Healing means to me that I am in congruence with myself and my world, that I am able to maintain relationships in love and devotion, and that I am continually aware of and attempting to return to a state of holistic harmony. Healing, or true recovery, is not necessarily the absence of symptoms but rather an awareness of symptoms and a humble responsiveness to such maladaptive responses to pain, knowing that I want to be healthy for myself and the people I love. Healing requires some connection to a deep meaning and purpose, which I hold as a spiritual vision of love beyond my own small life and circumstances. By healing, I am moving toward the ability to love myself and my world with a growing expansiveness. Healing is a surrender to the dynamics of life and the intimate understanding of continued trials and tribulations on the infinite and mysterious unfold of my own humanity and that of those graciously placed in my life.

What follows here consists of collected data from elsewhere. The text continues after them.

(* An SP's payoff is a sum of terms x (c (x + o))^(-alpha), concave and increasing in
   its own bandwidth x, so a best response uses all the bandwidth and is characterised
   by the KKT conditions on the marginal gain of shifting bandwidth from the macro cell
   to the small cell.  This gain strictly decreases when the small-cell total and the
   SP's own small-cell share both grow, which rules out two different KKT points.
   For a fixed small-cell total S, the gain of SP i is affine in its share, so its KKT
   share is a zero of that affine map clamped to [B_i^0, B_i].  The sum of these shares
   is at least S at the unconstrained total S^NE (where shares are proportional to B_i)
   and at most S near S = B1 + B2 (where the macro price explodes); the intermediate
   value theorem yields a fixed point S >= S^NE, which is the equilibrium. *)

Lemma Rpower_pos x y : 0 < Rpower x y.
Proof. apply exp_pos. Qed.

Lemma Rpower_opp_lt a x y : 0 < a -> 0 < x < y -> Rpower y (- a) < Rpower x (- a).
Proof.
  intros Ha Hxy. rewrite !Rpower_Ropp.
  apply Rinv_lt_contravar.
  - apply Rmult_lt_0_compat; apply Rpower_pos.
  - apply Rlt_Rpower_l; lra.
Qed.

Lemma Rpower_opp_le a x y : 0 < a -> 0 < x <= y -> Rpower y (- a) <= Rpower x (- a).
Proof.
  intros Ha [Hx [Hxy | <-]]; [left; apply Rpower_opp_lt |]; lra.
Qed.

I have a strong desire to contribute positively to the world, to love all people, and that has to be an overflow of the love I have for myself. I hold my healing in the highest regard, because I am unable to give without being resourced enough to give. It is like the modern metaphor of oxygen masks on an airplane: I have to put my oxygen mask on before helping another with their oxygen mask, or else I run the risk of being incapacitated and incapable of living in alignment with my values. Such an inability to show love to myself is a sort of spiritual death in itself.
Perhaps most pertinent to the intersection of social justice, neurodiversity, and mental health is the healing required to hold the goodness of humanity in all people located in societal systems of stigmatization, prejudice, and oppression. I believe that people are doing the best they can with the tools they have. Any inability to see their goodness is a reflection of my refusal to see my own shortcomings and capacity to heal. People are fundamentally good, sane, and whole. I believe that wholeheartedly and have come to know this truth intimately within myself. Providing tools—whether in language, models of thinking, or more skillful treatment reform—must be an expression of the ways in which we all long to love and also need better vehicles to more fully express and articulate that love for us all.